The film released on 24 April 2026.

== Plot ==
Balu, a common man, leads a peaceful and joyous life with his wife Prashanthi and their daughter Akshara. However, when Akshara is hospitalized because of shocking accident, their life turns upside down. To save his daughter's life, Balu urgently needs to arrange 50 lakh rupees for her medical treatment. In sheer desperation, he is forced into the dark underworld, eventually becoming a pawn in the hands of a dangerous mafia syndicate. Drawing inspiration from the mythological figure Sugriva, Balu utilizes his strength and intellect to combat the criminal empire. How Balu escapes their trap and saves his family forms the rest of the story.

== Cast ==

- Balu Charan as Balu
- Kajal Tiwari as Prashanthi
- Gagana Geethika as Balu and Prashanthi's daughter
- Sai Krupa
- Suman Shetty
- Karan Vijay
- Alprui Sunil
- Vamsi Kodali

== Production ==
The filming of the movie's songs took place in picturesque locations across Goa and Visakhapatnam (Vizag). On 19 April 2026, the makers released the film's trailer.

== Soundtrack ==
The film's music is composed by Ajay Patnaik, while Vijay Kurakula and Navneeth Chari co-composed the music. The background music is specifically provided by Ajay Patnaik. The lyrics for the songs were written by Ranjith Kumar Riki.

Track Listing
| No. | Title | Lyrics | Music | Singer | Length |
|---|---|---|---|---|---|
| 1. | "Chiru Chiru" | Ranjith Kumar Ricky | Navneeth Chari | Harini | 4:15 |
| Total length: |  |  |  |  | 4:15 |

== Reception ==
Upon its release, Sugriva movie received mixed reviews.

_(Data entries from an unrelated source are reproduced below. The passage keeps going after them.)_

Lemma in_span_of_LDsub N lam u : in_span N (LDsub alpha lam u) -> in_span (add_root N lam 1) u.
Proof.
  intros H. destruct (LDsub_preimage N lam _ H) as [w [Hw Ew]].
  set (z := fun n => (u n - w n)%C).
  assert (Hz : forall n, LDsub alpha lam z n = 0%C).
  { intros n. specialize (Ew n). rewrite !LDsub_eq in *. unfold z.
    symmetry in Ew. apply Ceq_minus in Ew. rewrite <- Ew. ring. }
  apply in_span_ext with (fun n => w n + z 0%nat * Ebasis_coef 0 lam n)%C.
  - apply span_add, span_scal, span_basis; [exact Hw|]. rewrite add_root_same. lia.
  - intros n. rewrite <- (LDsub_kernel lam z Hz). unfold z. ring.
Qed.

Lemma in_span_of_LDsub_iter m N lam u :
  in_span N (Nat.iter m (LDsub alpha lam) u) -> in_span (add_root N lam m) u.
Proof.
  revert N u. induction m as [|m IHm]; intros N u H; simpl in H.
  - eapply in_span_mono; [|exact H]. intros v. unfold add_root. lia.
  - apply in_span_of_LDsub, IHm in H. eapply in_span_mono; [|exact H].
    intros v. unfold add_root. destruct (Ceq_dec v lam); lia.
Qed.

Lemma in_span_of_LDpoly lam mult L N x :
  in_span N (fold_right (fun l acc => Nat.iter (mult l) (LDsub alpha (lam l)) acc) x L) ->
  in_span (fun v => (N v + root_mult lam mult L v)%nat) x.
Proof.
  revert N. induction L as [|l L IHL]; intros N H; simpl in H.
  - eapply in_span_mono; [|exact H]. intros v. simpl. lia.
  - apply in_span_of_LDsub_iter, IHL in H. eapply in_span_mono; [|exact H].
    intros v. unfold add_root. simpl. destruct (Ceq_dec v (lam l)); lia.
Qed.
End JordanChains.

(** * Entire coefficient sequences *)

Lemma is_series_R0 : is_series (fun _ : nat => 0) 0.
Proof.
  apply (filterlim_ext (fun _ => 0)); [intros N; rewrite sum_n_const; ring | apply filterlim_const].
Qed.

Lemma ex_series_le_nonneg (a b : nat -> R) : (forall n, 0 <= a n <= b n) -> ex_series b -> ex_series a.
Proof.
  intros H Hb. apply (ex_series_le a b); [|exact Hb].
  intros n. change (norm (a n)) with (Rabs (a n)). rewrite Rabs_pos_eq; apply H.
Qed.

Lemma Rabs_Im_le_Cmod z : Rabs (Im z) <= Cmod z.
Proof.
  rewrite <- Rabs_Ropp, <- re_mult_Ci, <- (Rmult_1_r (Cmod z)), <- Cmod_Ci, <- Cmod_mult.
  apply re_le_Cmod.
Qed.

Lemma Cmod_le_Rabs_Re_Im z : Cmod z <= Rabs (Re z) + Rabs (Im z).
Proof.
  pose proof (Cmod2_alt z). pose proof (Cmod_ge_0 z).
  pose proof (Rabs_pos (Re z)). pose proof (Rabs_pos (Im z)).
  rewrite <- (pow2_abs (Re z)), <- (pow2_abs (Im z)) in *. nra.
Qed.

Lemma C_eq_Re_Im (z w : CC) : Re z = Re w -> Im z = Im w -> z = w.
Proof. destruct z, w. simpl. intros -> ->. reflexivity. Qed.

Definition abs_entire (a : nat -> CC) : Prop :=
  forall R, 0 <= R -> ex_series (fun n => Cmod (a n) * R ^ n).

Lemma abs_entire_ext a b : abs_entire a -> (forall n, a n = b n) -> abs_entire b.
Proof.
  intros Ha E R HR. apply (ex_series_ext (fun n => Cmod (a n) * R ^ n)); [|exact (Ha R HR)].
  intros n. rewrite E. reflexivity.
Qed.

Lemma abs_entire_zero : abs_entire (fun _ => 0%C).
Proof.
  intros R HR. apply (ex_series_ext (fun _ => 0)); [|exists 0; exact is_series_R0].
  intros n. rewrite Cmod_0, Rmult_0_l. reflexivity.
Qed.

Lemma abs_entire_add a b : abs_entire a -> abs_entire b -> abs_entire (fun n => a n + b n)%C.
Proof.
  intros Ha Hb R HR.
  apply ex_series_le_nonneg with (fun n => Cmod (a n) * R ^ n + Cmod (b n) * R ^ n).
  - intros n. pose proof (pow_le R n HR). pose proof (Cmod_triangle (a n) (b n)).
    split; [apply Rmult_le_pos; [apply Cmod_ge_0 | exact H]|]. nra.
  - apply (ex_series_plus (V:=R_NormedModule)); auto.
Qed.

Lemma abs_entire_scal c a : abs_entire a -> abs_entire (fun n => c * a n)%C.
Proof.
  intros Ha R HR. apply (ex_series_ext (fun n => scal (Cmod c) (Cmod (a n) * R ^ n))).
  - intros n. rewrite Cmod_mult. symmetry. apply Rmult_assoc.
  - apply (ex_series_scal (V:=R_NormedModule)), Ha, HR.
Qed.

Section EntireCoefficients.
Variable alpha : R.
Hypothesis alpha_range : 0 < alpha < 1.

Lemma abs_entire_Ebasis_coef k lam : abs_entire (Ebasis_coef alpha k lam).
Proof.
  intros R HR.
  set (M := exp 1 * (Cmod lam + 1) * (R + 1)).
  pose proof (exp_pos 1). pose proof (Cmod_ge_0 lam).
  assert (HM : 0 < M) by (unfold M; apply Rmult_lt_0_compat; [apply Rmult_lt_0_compat|]; lra).
  apply ex_series_le_nonneg with (fun n => scal (INR (fact k)) (Ecoef alpha n * M ^ n)).
  - intros n. pose proof (pow_le R n HR) as HRn.
    split; [apply Rmult_le_pos; [apply Cmod_ge_0 | exact HRn]|].
    change (scal ?c ?y) with (c * y). unfold Ebasis_coef.
    rewrite Cmod_mult, Cmod_pow, Cmod_R.
    pose proof (Ecoef_pos alpha alpha_range n) as He. pose proof (pos_INR (ffact n k)).
    rewrite Rabs_pos_eq by (apply Rmult_le_pos; lra).
    assert (Hlam : Cmod lam ^ (n - k) <= (Cmod lam + 1) ^ n).
    { apply Rle_trans with ((Cmod lam + 1) ^ (n - k)); [apply pow_incr; lra|].
      apply Rle_pow; [lra | lia]. }
    assert (HR1 : R ^ n <= (R + 1) ^ n) by (apply pow_incr; lra).
    pose proof (ffact_le_fact_exp n k) as Hff.
    pose proof (pow_le (Cmod lam) (n - k) H0).
    assert (INR (ffact n k) * Cmod lam ^ (n - k) * R ^ n
            <= INR (fact k) * exp 1 ^ n * (Cmod lam + 1) ^ n * (R + 1) ^ n).
    { apply Rmult_le_compat; [apply Rmult_le_pos; lra | exact HRn | | exact HR1].
      apply Rmult_le_compat; lra. }
    unfold M. rewrite !Rpow_mult_distr.
    replace (Ecoef alpha n * INR (ffact n k) * Cmod lam ^ (n - k) * R ^ n)
      with (Ecoef alpha n * (INR (ffact n k) * Cmod lam ^ (n - k) * R ^ n)) by ring.
    replace (INR (fact k) * (Ecoef alpha n * (exp 1 ^ n * (Cmod lam + 1) ^ n * (R + 1) ^ n)))
      with (Ecoef alpha n * (INR (fact k) * exp 1 ^ n * (Cmod lam + 1) ^ n * (R + 1) ^ n)) by ring.
    apply Rmult_le_compat_l; lra.
  - apply (ex_series_scal (V:=R_NormedModule)), ex_series_Ecoef; assumption.
Qed.

Lemma abs_entire_LD a : abs_entire a -> abs_entire (LD alpha a).
Proof.
  intros Ha R HR.
  destruct (LDfactor_geom_bound alpha alpha_range) as [K [Q [HK [HQ Hbound]]]].
  set (R' := Q * R + 1).
  assert (HR' : 1 <= R') by (unfold R'; nra).
  apply ex_series_le_nonneg with (fun n => scal K (Cmod (a (S n)) * R' ^ S n)).
  - intros n. pose proof (pow_le R n HR). pose proof (Cmod_ge_0 (a (S n))).
    split; [apply Rmult_le_pos; [apply Cmod_ge_0 | assumption]|].
    change (scal ?c ?y) with (c * y). unfold LD.
    rewrite Cmod_mult, Cmod_R, Rabs_pos_eq by (apply Rlt_le, (LDfactor_pos alpha alpha_range n)).
    fold (LDfactor alpha n).
    assert (HQR : Q ^ n * R ^ n <= R' ^ S n).
    { rewrite <- Rpow_mult_distr. apply Rle_trans with (R' ^ n); [apply pow_incr; unfold R'; nra|].
      simpl. pose proof (pow_le R' n ltac:(lra)). nra. }
    assert (LDfactor alpha n * R ^ n <= K * R' ^ S n).
    { apply Rle_trans with (K * Q ^ n * R ^ n); [apply Rmult_le_compat_r; auto|].
      rewrite Rmult_assoc. apply Rmult_le_compat_l; assumption. }
    rewrite Rmult_assoc.
    replace (K * (Cmod (a (S n)) * R' ^ S n)) with (Cmod (a (S n)) * (K * R' ^ S n)) by ring.
    apply Rmult_le_compat_l; assumption.
  - apply (ex_series_scal (V:=R_NormedModule)).
    apply (ex_series_incr_1 (fun n => Cmod (a n) * R' ^ n)), Ha. lra.
Qed.

Lemma abs_entire_LDsub lam a : abs_entire a -> abs_entire (LDsub alpha lam a).
Proof.
  intros Ha. apply abs_entire_ext with (fun n => LD alpha a n + (- lam) * a n)%C.
  - apply abs_entire_add; [apply abs_entire_LD | apply abs_entire_scal]; exact Ha.
  - intros n. unfold LDsub. ring.
Qed.

Lemma abs_entire_LDpoly r lam mult a : abs_entire a -> abs_entire (LDpoly alpha r lam mult a).
Proof.
  intros Ha. unfold LDpoly. induction (seq 0 r) as [|l L IHL]; simpl; [exact Ha|].
  induction (mult l) as [|m IHm]; simpl; [exact IHL | apply abs_entire_LDsub, IHm].
Qed.

Lemma abs_entire_of_in_span N u : in_span alpha N u -> abs_entire u.
Proof.
  intros Hu. induction Hu.
  - apply abs_entire_zero.
  - apply abs_entire_Ebasis_coef.
  - apply abs_entire_add; assumption.
  - apply abs_entire_scal; assumption.
Qed.
End EntireCoefficients.

Lemma ex_series_proj_pseries (p : CC -> R) a t : (forall z, Rabs (p z) <= Cmod z) ->
  abs_entire a -> ex_series (fun n => p (a n * RtoC t ^ n)%C).
Proof.
  intros Hp Ha.
  apply (ex_series_le (K:=R_AbsRing) (V:=R_CompleteNormedModule) _ (fun n => Cmod (a n) * Rabs t ^ n)).
  - intros n. eapply Rle_trans; [apply Hp|]. rewrite Cmod_mult, Cmod_pow, Cmod_R. apply Rle_refl.
  - apply Ha, Rabs_pos.
Qed.

Lemma Re_pseries_eval a t : Re (pseries_eval a t) = Series (fun n => Re (a n * RtoC t ^ n)%C).
Proof. reflexivity. Qed.

Lemma Im_pseries_eval a t : Im (pseries_eval a t) = Series (fun n => Im (a n * RtoC t ^ n)%C).
Proof. reflexivity. Qed.

Lemma pseries_eval_add a b t : abs_entire a -> abs_entire b ->
  pseries_eval (fun n => a n + b n)%C t = (pseries_eval a t + pseries_eval b t)%C.
Proof.
  intros Ha Hb. pose proof re_le_Cmod. pose proof Rabs_Im_le_Cmod.
  apply C_eq_Re_Im;
    [rewrite re_plus, !Re_pseries_eval | rewrite im_plus, !Im_pseries_eval];
    rewrite <- Series_plus by (apply ex_series_proj_pseries; auto);
    apply Series_ext; intros n; rewrite Cmult_plus_distr_r;
    [apply re_plus | apply im_plus].
Qed.

Lemma pseries_eval_scal c a t : abs_entire a ->
  pseries_eval (fun n => c * a n)%C t = (c * pseries_eval a t)%C.
Proof.
  intros Ha. pose proof (ex_series_proj_pseries Re a t re_le_Cmod Ha) as HRe.
  pose proof (ex_series_proj_pseries Im a t Rabs_Im_le_Cmod Ha) as HIm.
  apply C_eq_Re_Im.
  - rewrite re_mult, !Re_pseries_eval, Im_pseries_eval, <- !Series_scal_l, <- Series_minus
      by (apply (ex_series_scal (V:=R_NormedModule)); assumption).
    apply Series_ext. intros n. rewrite <- Cmult_assoc, re_mult. reflexivity.
  - rewrite im_mult, !Im_pseries_eval, Re_pseries_eval, <- !Series_scal_l, <- Series_plus
      by (apply (ex_series_scal (V:=R_NormedModule)); assumption).
    apply Series_ext. intros n. rewrite <- Cmult_assoc, im_mult. reflexivity.
Qed.

Lemma pseries_eval_zero t : pseries_eval (fun _ => 0%C) t = 0%C.
Proof.
  apply C_eq_Re_Im; [rewrite Re_pseries_eval | rewrite Im_pseries_eval];
    rewrite (Series_ext _ (fun _ => 0)), (is_series_unique _ _ is_series_R0);
    try reflexivity; intros n; rewrite Cmult_0_l; reflexivity.
Qed.

Lemma Rabs_le_scaled_eq0 (c M : R) : (forall t, 0 < t <= 1 -> Rabs c <= t * M) -> c = 0.
Proof.
  intros H. destruct (Req_dec c 0) as [|Hc]; [assumption|]. exfalso.
  pose proof (Rabs_pos_lt c Hc) as Hpos. pose proof (H 1 ltac:(lra)) as H1.
  set (t := Rmin 1 (Rabs c / (2 * (Rabs M + 1)))).
  assert (Ht : 0 < t <= 1).
  { pose proof (Rabs_pos M).
    split; [apply Rmin_glb_lt; [lra | apply Rdiv_lt_0_compat; lra] | apply Rmin_l]. }
  assert (Htc : t * (2 * (Rabs M + 1)) <= Rabs c).
  { pose proof (Rmin_r 1 (Rabs c / (2 * (Rabs M + 1)))). pose proof (Rabs_pos M).
    apply Rle_div_r; [lra | assumption]. }
  pose proof (H t Ht). pose proof (Rle_abs M). pose proof (Rabs_pos M). nra.
Qed.

Section PowerSeriesIdentity.
Variable p : nat -> R.
Hypothesis p_abs : forall R, 0 <= R -> ex_series (fun n => Rabs (p n) * R ^ n).

Lemma ex_series_abs_shift k R : 0 <= R -> ex_series (fun n => Rabs (p (n + k)) * R ^ n).
Proof.
  intros HR. set (R1 := R + 1).
  assert (HR1 : 0 < R1) by (unfold R1; lra).
  apply ex_series_le_nonneg with (fun n => Rabs (p (n + k)) * R1 ^ n).
  - intros n. pose proof (Rabs_pos (p (n + k))). pose proof (pow_le R n HR).
    split; [apply Rmult_le_pos; assumption|].
    apply Rmult_le_compat_l; [assumption|]. apply pow_incr. unfold R1; lra.
  - apply (ex_series_ext (fun n => scal (/ R1 ^ k) (Rabs (p (k + n)) * R1 ^ (k + n)))).
    + intros n. unfold scal; simpl; unfold mult; simpl. rewrite pow_add, (Nat.add_comm k n).
      pose proof (pow_lt R1 k HR1). field. lra.
    + apply (ex_series_scal (V:=R_NormedModule)).
      apply (ex_series_incr_n (fun n => Rabs (p n) * R1 ^ n) k), p_abs. lra.
Qed.

Lemma ex_series_shift k t : ex_series (fun n => p (n + k) * t ^ n).
Proof.
  apply ex_series_Rabs, (ex_series_ext (fun n => Rabs (p (n + k)) * Rabs t ^ n)).
  - intros n. rewrite Rabs_mult, RPow_abs. reflexivity.
  - apply ex_series_abs_shift, Rabs_pos.
Qed.

Lemma Series_shift_bounded k : exists M, forall t, 0 < t <= 1 ->
  Rabs (Series (fun n => p (n + k) * t ^ n)) <= M.
Proof.
  exists (Series (fun n => Rabs (p (n + k)) * 1 ^ n)). intros t Ht.
  eapply Rle_trans; [apply Series_Rabs|].
  - apply (ex_series_ext (fun n => Rabs (p (n + k)) * Rabs t ^ n)).
    + intros n. rewrite Rabs_mult, RPow_abs. reflexivity.
    + apply ex_series_abs_shift, Rabs_pos.
  - apply Series_le; [|apply ex_series_abs_shift; lra].
    intros n. split; [apply Rabs_pos|]. rewrite Rabs_mult, <- RPow_abs.
    apply Rmult_le_compat_l; [apply Rabs_pos|]. apply pow_incr. rewrite Rabs_pos_eq; lra.
Qed.

Lemma Series_shift_S k t :
  Series (fun n => p (n + k) * t ^ n) = p k + t * Series (fun n => p (n + S k) * t ^ n).
Proof.
  rewrite Series_incr_1 by apply ex_series_shift. rewrite <- Series_scal_l. simpl. f_equal; [ring|].
  apply Series_ext. intros n. rewrite <- plus_n_Sm. simpl. ring.
Qed.

(* If [p k + t * S(t)] vanishes for [t > 0] with [S] bounded near [0], then [p k = 0], and so [S]
   vanishes too. *)
Lemma Series_shift_vanish k : (forall t, 0 < t -> Series (fun n => p (n + k) * t ^ n) = 0) ->
  p k = 0 /\ forall t, 0 < t -> Series (fun n => p (n + S k) * t ^ n) = 0.
Proof.
  intros H. destruct (Series_shift_bounded (S k)) as [M HM].
  assert (Hk : p k = 0).
  { apply (Rabs_le_scaled_eq0 _ M). intros t Ht.
    specialize (H t (proj1 Ht)). rewrite Series_shift_S in H.
    replace (p k) with (- (t * Series (fun n => p (n + S k) * t ^ n))) by lra.
    rewrite Rabs_Ropp, Rabs_mult, Rabs_pos_eq by lra.
    apply Rmult_le_compat_l; [lra | apply HM, Ht]. }
  split; [exact Hk|]. intros t Ht.
  specialize (H t Ht). rewrite Series_shift_S, Hk, Rplus_0_l in H.
  destruct (Rmult_integral _ _ H); [lra | assumption].
Qed.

Suhas Sistu of Hans India gave the film 2.5/5, and said that while the film explored the themes with non-linear narration and philosophical undertones, the screenplay kept the audience engaged with unexpected twists.

The reviewer of Sakshi Post gave the film 2.5/5, and while the review mentioned that the technical aspects of the film are commendable, it observed such nuances as the film maintaining suspense through non-linear structure, and that even minor characters added texture to the matured themes of the movie.

Sunil Boddula of News18 gave the film 2.5/5, and mentioned that the film highlighted the heavy medical expenses that the common people find difficult to meet, and said that the father daughter emotion in movie reminded of the old Telugu movies.

Ramu Chinthakindhi of Timesnow gave the film 2.5/5, and said that the director handled the screenplay well. The reviewer also noted that Balu Charan acted well as both the responsible father and as a powerful man in a world of crime.